Runs MATRIX regularization. Uses the routines corresponding to Tikhonov, LASSO, or elastic net depending on the value of self.reg. Plots the LDM using _plot_LDM(GA_taus). The GA_taus can be a list of lifetimes calculated from a global analysis which will be plotted as horizontal lines on the LDM.

replot(GA_taus=None, num_c=10)

Will close the current plot of the LDM and replot it using _plot_LDM and a new number of contour levels corresponding to num_c.

updateData(data)

Retrieves the working dataset, wavelengths, time points and IRF parameters from the data object storing these in object variables. Then runs genD() to create the matrix of exponential decays.

updateParams(taus, alphas, reg, L, simfit)

Updates parameters corresponding to regularization, and fitting routines. Taus is a list of lifetimes. Alphas, is a list of alpha values used for the matrix regularization routines. reg is a string taking the values of "L2" for Tikhonov regularization, "L1" for LASSO regularization, and "elnet" for elastic net regularization. L is the regularization matrix, which by default (during initialization) is an identity matrix, whose size is given by the number of lifetimes. simfit is a boolean, which if true means that fit statistics are calculated for all wavelengths simultaneously. (Note: Do not set to false at the moment or fit statistics will not be displayed.)

genD()

Constructs the matrix of exponential decays. If all IRF parameters are set to 0, the decays are constructed without IRF convolution. Otherwise the IRF parameters are used with the explicit analytical expression for the convolution, not using a convolution routine.

_L2()

Runs Tikhonov regularization for each alpha independently. The resultant LDMs are stored in a 3D array self.x_opts. The Tikhonov regularized solution at a particular alpha value is found using the _solve_L2(alpha) routine.
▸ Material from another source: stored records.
(* Let $L$ be a finite-dimensional solvable Lie algebra over an arbitrary field $F$ and let $U$ be a non-zero core-free semi-modular subalgebra of $L$. Then $\dim U=1$ and $L$ is almost abelian.
   Context: For subalgebras $U,B$ of a Lie algebra $L$, $\langle U,B\rangle$ denotes the subalgebra generated by $U\cup B$. A subalgebra $B$ covers a subalgebra $A$ if $A$ is a maximal subalgebra of $B$. $U$ is upper modular (um) in $L$ if whenever $B$ is a subalgebra of $L$ which covers $U\cap B$, then $\langle U,B\rangle$ covers $U$; $U$ is lower modular (lm) in $L$ if whenever $B$ is a subalgebra of $L$ such that $\langle U,B\rangle$ covers $U$, then $B$ covers $U\cap B$; $U$ is semi-modular (sm) in $L$ if it is both um and lm in $L$. The core $U_L$ of $U$ is the largest ideal of $L$ contained in $U$; $U$ is core-free if $U_L=0$. $L$ is almost abelian if $L=L^2\oplus Fx$ for some $x$, where $L^2=[L,L]$ is abelian and $\mathrm{ad}\,x$ acts as the identity map on $L^2$. *)

From HB Require Import structures.
From mathcomp Require Import all_boot all_order all_algebra.
Set Implicit Arguments. Unset Strict Implicit. Unset Printing Implicit Defensive.
Import GRing.Theory.
Local Open Scope ring_scope.

Section Lie.
Variables (F : fieldType) (V : vectType F) (br : V -> V -> V).

Definition is_lie_bracket : Prop :=
  [/\ forall (a : F) (x y z : V), br (a *: x + y) z = a *: br x z + br y z,
      forall (a : F) (x y z : V), br x (a *: y + z) = a *: br x y + br x z,
      forall x : V, br x x = 0
    & forall x y z : V, br x (br y z) + br y (br z x) + br z (br x y) = 0].
(* Let $\mathfrak M$ be a relational structure with domain $\Sigma$. For every $n\ge1$ and every relation $R\subseteq(\Sigma^* )^n$, $R$ is $MSO(\mathfrak M)$-definable if and only if the relation $\mu(R)=\{(\mu(w_1),\dots,\mu(w_n)):(w_1,\dots,w_n)\in R\}$ admits a reduction sequence with respect to $\mathfrak M_\#$ and $\mathfrak S_{<\omega}$.
   Context: Let $\mathfrak L$ be a relational language and $\mathfrak M$ an $\mathfrak L$-structure with domain $\Sigma$. Let $\#\notin\Sigma$ and let $\mathfrak M_\#$ be the $\mathfrak L_\#=\mathfrak L\cup\{P_\#\}$-structure with domain $\Sigma\cup\{\#\}$, every symbol of $\mathfrak L$ interpreted as in $\mathfrak M$ and $P_\#(x)$ holding iff $x=\#$. $MSO(\mathfrak M)$-definability: for $w=(w_1,\dots,w_n)\in(\Sigma^* )^n$, $\langle w\rangle$ is the word over $(\Sigma\cup\{\#\})^n$ of length $\max_i|w_i|$ obtained by right-padding each $w_i$ with $\#$'s and reading them in parallel; $\pi_j(\langle w\rangle)$ is its $j$-th component and $u[i]$ the $i$-th letter of $u$ (from $0$). To each first-order $\mathfrak L_\#$-formula $F$ with at least one free variable associate a unary predicate $\alpha_F$; $MSO(\mathfrak L)$ is monadic second-order logic over $\{<\}\cup\{\alpha_F\}$. $R$ is $MSO(\mathfrak M)$-definable if there is an $MSO(\mathfrak L)$-sentence $\psi$ such that $w\in R$ iff $\psi$ holds in the structure with domain $D=\{0,\dots,|\langle w\rangle|-1\}$, natural order $<$, and, for each $F$ with $n$ free variables, $\alpha_F(x)$ true iff $\mathfrak M_\#\models F(\pi_1(\langle w\rangle)[x],\dots,\pi_n(\langle w\rangle)[x])$. Weak power setting: let $W$ be the set of sequences $f:\omega\to\Sigma\cup\{\#\}$ with $f(i)\ne\#$ for only finitely many $i$. For $w\in\Sigma^*$, $\mu(w)\in W$ is the sequence $w\#^\omega$. $\mathfrak S_{<\omega}=(S^+(\omega);\subseteq,\ll)$ where $S^+(\omega)$ is the set of finite subsets of $\omega$, $\subseteq$ is inclusion, and $X\ll Y$ iff $X=\{m\}$, $Y=\{k\}$ with $m<k$. A relation $P\subseteq W^n$ admits a reduction sequence with respect to $\mathfrak M_\#$ and $\mathfrak S_{<\omega}$ if there are a first-order formula $G(X_1,\dots,X_l)$ in the language $\{\subseteq,\ll\}$ and first-order $\mathfrak L_\#$-formulas $\theta_1,\dots,\theta_l$ with $n$ free variables, such that $\mathfrak M_\#\models\neg\theta_i(\#,\dots,\#)$ for every $i$, and for every $(f_1,\dots,f_n)\in W^n$: $(f_1,\dots,f_n)\in P$ iff $\mathfrak S_{<\omega}\models G(T_1,\dots,T_l)$ where $T_i=\{x\in\omega:\mathfrak M_\#\models\theta_i(f_1(x),\dots,f_n(x))\}$. *)

From Stdlib Require Import List Arith Lia.
Import ListNotations.
Set Implicit Arguments.
(* Let $\mathcal T''=(e,e)+\Delta(\mathfrak g_{-1}\oplus\mathfrak g_0)$, where $\Delta(V)=\{(x,x):x\in V\}$. Then: (1) $\mathcal T''$ is a Poisson submanifold of $(\mathfrak g\times\mathfrak g,\{\cdot,\cdot\}_{\mathcal R})$; (2) the map $\varphi:\mathbb T\to\mathcal T''$, $\varphi(x)=(x,x)$, from the Toda phase space $\mathbb T=e+\mathfrak g_{-1}\oplus\mathfrak g_0$ equipped with the Poisson $R$-bracket $\{\cdot,\cdot\}_R$, is a Poisson isomorphism onto $(\mathcal T'',\{\cdot,\cdot\}_{\mathcal R})$, and for all $1\le i\le\ell$, $0\le k\le m_i+1$ and $x\in\mathbb T$ one has $F_{k,i}(\varphi(x))=\binom{m_i+1}{k}P_i(x)$; thus $\varphi$ pulls back the restriction of $\mathcal F$ to $\mathcal T''$ to (constant multiples of) the Toda family $(P_1,\dots,P_\ell)$.
   Context: Let $\mathfrak g$ be a complex simple Lie algebra of rank $\ell$ with Killing form $\langle\cdot,\cdot\rangle$. Fix a Cartan subalgebra $\mathfrak h$, simple roots $\alpha_1,\dots,\alpha_\ell$ of the root system $\Phi$, and nonzero root vectors $e_i$ for $\alpha_i$. Set $\mathfrak g_0=\mathfrak h$ and, for $k\neq0$, let $\mathfrak g_k$ be the span of root vectors $e_\alpha$ with $\alpha=\sum_ia_i\alpha_i\in\Phi$, $\sum_ia_i=k$. Write $\mathfrak g_+=\sum_{i\ge0}\mathfrak g_i$, $\mathfrak g_-=\sum_{i<0}\mathfrak g_i$, $P_\pm$ the projections onto $\mathfrak g_\pm$, $R=P_+-P_-$, $e=\sum_{i=1}^\ell e_i$. The Poisson $R$-bracket on $\mathfrak g$ is $\{F,G\}_R(x)=\tfrac12\langle x,[R\nabla_xF,\nabla_xG]+[\nabla_xF,R\nabla_xG]\rangle$ (gradients w.r.t. the Killing form); $\mathbb T=e+\mathfrak g_{-1}\oplus\mathfrak g_0$ is a Poisson submanifold of it. On $\mathfrak g\times\mathfrak g$ use the componentwise Lie bracket and the form $\langle(x_1,y_1),(x_2,y_2)\rangle_2=\langle x_1,x_2\rangle-\langle y_1,y_2\rangle$; $\mathcal R(x,y)=(R(x-y)+y,R(x-y)+x)$ and $\{F,G\}_{\mathcal R}(x,y)=\tfrac12\langle(x,y),[\mathcal R\nabla F,\nabla G]+[\nabla F,\mathcal R\nabla G]\rangle_2$ (gradients w.r.t. $\langle\cdot,\cdot\rangle_2$). Let $P_1,\dots,P_\ell$ be homogeneous algebraically independent generators of the $\mathrm{Ad}$-invariant polynomials on $\mathfrak g$, of degrees $m_1+1,\dots,m_\ell+1$, and define $F_{k,i}$ by $P_i(\lambda x-y)=\sum_{k=0}^{m_i+1}(-1)^{m_i+1-k}\lambda^kF_{k,i}(x,y)$ for all $\lambda$; $\mathcal F=(F_{k,i})$. *)

From HB Require Import structures.
From mathcomp Require Import all_boot all_order all_algebra.
From mathcomp Require Import reals.
From mathcomp Require Export complex.
From mathcomp Require Export mpoly.
Set Implicit Arguments. Unset Strict Implicit. Unset Printing Implicit Defensive.
Import GRing.Theory.
Local Open Scope ring_scope.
The Hat or Projection matrix, along with a similar S matrix for the Cp statistic are also calculated by means of an SVD, through the routine _calc_H_and_S(). These matrices are used in the calculation of the GCV and Cp parameter at each alpha value. Both the GCVs and Cps are are stored in a 1D array (if simfit is true). If simfit is false they are stored in a 2D array whose dimensions are the [len(wls), len(alphas)]. The GCVs and Cps arrays are returned by the function.

_solve_L2(alpha)

An augmented decay matrix is constructed using the alpha value and regularization matrix L. The resultant ordinary least squares problem is solved by using the SVD of the augmented matrix. As described in the paper.

_calc_H_and_S(alpha)

Calculates and returns the H and S matrices used for the GCV and Cp statistics respectively. The SVD of (D^T)D + alpha*(L^T)L is used for the construction of these matrices.

_calc_GCV(alpha, H)

Using the hat matrix H, alpha value, and the routine _calc_res(), calculates and returns the GCV value. This is either a single value if simfit is true or an array of values corresponding to each wavelength if simfit is false.
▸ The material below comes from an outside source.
(* The class $\mathcal U_{\mathrm{fin}}$ of all finite two-sorted ultrametric spaces, with dc-embeddings as morphisms, is a Fraïssé class: it is nonempty, has only countably many dc-isomorphism types, and has the joint embedding property and the amalgamation property. Its Fraïssé limit $\mathbb U$ is dc-isomorphic to $\mathbb U_{\mathbb Q}$, the countable rational Urysohn ultrametric space viewed as a two-sorted space with distance set $\mathbb Q_{\ge 0}$. In particular, $\mathbb U$ is both dc-homogeneous and iso-homogeneous.
   Context: A two-sorted ultrametric space is a triple $(X,d_X,D_X)$ where $D_X$ is a linearly ordered set with least element $0$ (the distance set), $X$ is a set of points, and $d_X\colon X\times X\to D_X$ satisfies $d_X(x,y)=d_X(y,x)$, $d_X(x,y)=0\iff x=y$, and $d_X(x,z)\le \max\{d_X(x,y),d_X(y,z)\}$. It is finite (resp. countable) if both $X$ and $D_X$ are finite (resp. countable). A dc-embedding $f\colon (X,d_X,D_X)\to (Y,d_Y,D_Y)$ is an injective map $f\colon X\to Y$ together with an order embedding $D_f\colon D_X\to D_Y$ with $D_f(0)=0$ such that $d_Y(f(x),f(x'))=D_f(d_X(x,x'))$ for all $x,x'\in X$. A dc-isomorphism is a dc-embedding that is bijective in both sorts. It is an isometric embedding if $D_X\subseteq D_Y$ and $D_f$ is the inclusion; an isometry is a dc-isomorphism with $D_X=D_Y$ and $D_f$ the identity. $A$ is a substructure of $X$ if $A\subseteq X$, $D_A\subseteq D_X$ and the inclusion is a dc-embedding. Joint embedding property: any two objects dc-embed into a common one. Amalgamation property: for all dc-embeddings $\alpha_1\colon A\to B$, $\alpha_2\colon A\to C$ of finite spaces there are a finite $D$ and dc-embeddings $\beta_1\colon B\to D$, $\beta_2\colon C\to D$ with $\beta_1\circ\alpha_1=\beta_2\circ\alpha_2$. The Fraïssé limit of the class is the (unique up to dc-isomorphism) countable two-sorted ultrametric space that is the union of an increasing chain of finite substructures, into which every finite space dc-embeds, and in which every dc-isomorphism between finite substructures extends to a dc-automorphism. A space $X$ is dc-homogeneous if every dc-isomorphism between finite substructures of $X$ extends to a dc-automorphism of $X$; it is iso-homogeneous if every isometry between finite substructures of $X$ extends to an isometry of $X$. $\mathbb U_{\mathbb Q}$ is the unique (up to isometry) countable ultrametric space with all distances in $\mathbb Q_{\ge0}$ into which every finite ultrametric space with rational distances embeds isometrically and in which every isometry between finite subsets extends to an isometry of the whole space. *)

From mathcomp Require Import all_boot all_order all_algebra.
From Stdlib Require List.
Import Order.TTheory GRing.Theory Num.Theory.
_calc_Cp(alpha, S, wl=None)

Calculates and returns the Cp value, using the trace of S as the measure of degrees of freedom and the error variance of the lowest alpha solution as an estimate for the true error variance.

_lcurve()

Calculates and returns lcurve_x, lcurve_y, and the curvature k. lcurve_x is the residual between the fit and data. lcurve_y is the L2 smoothing norm. The curvature k is the curvature of the lcurve_y vs lcurve_x curve. As with GCVs and Cps, this will return 2D arrays corresponding to curves for each wavelength if simfit is set to False.

_calc_k(lx, ly)

Calculates and returns the curvature k for the curve ly vs lx.

_calc_res(alpha, wl=None)

Calculates the residual between the fitted solution at a given alpha value. If wl=None, this is done for the entire map; if wl=True, this residual is calculated wavelength by wavelength and returned as an array.

_calc_smoothNorm(alpha, wl=None)

Calculates the smoothing norm at a given alpha value. If wl=None, this is done for the entire map; if wl=True, this residual is calculated wavelength by wavelength and returned as an array.

_L1()

Runs the LASSO regularization using the orthogonalization of design matrix algorithm as described in the paper and implemented in the routine _L1_min(). This is performed for each alpha value. The Cps values are also calculated and are returned by the function.

_L1_min(D, A, alpha)

The implementation of the design matrix orthogonalization algorithm. D corresponds to the matrix of decays, or augmented matrix in the case of elastic net regularization. A is the data (or augmented data), and alpha is the regularization parameter.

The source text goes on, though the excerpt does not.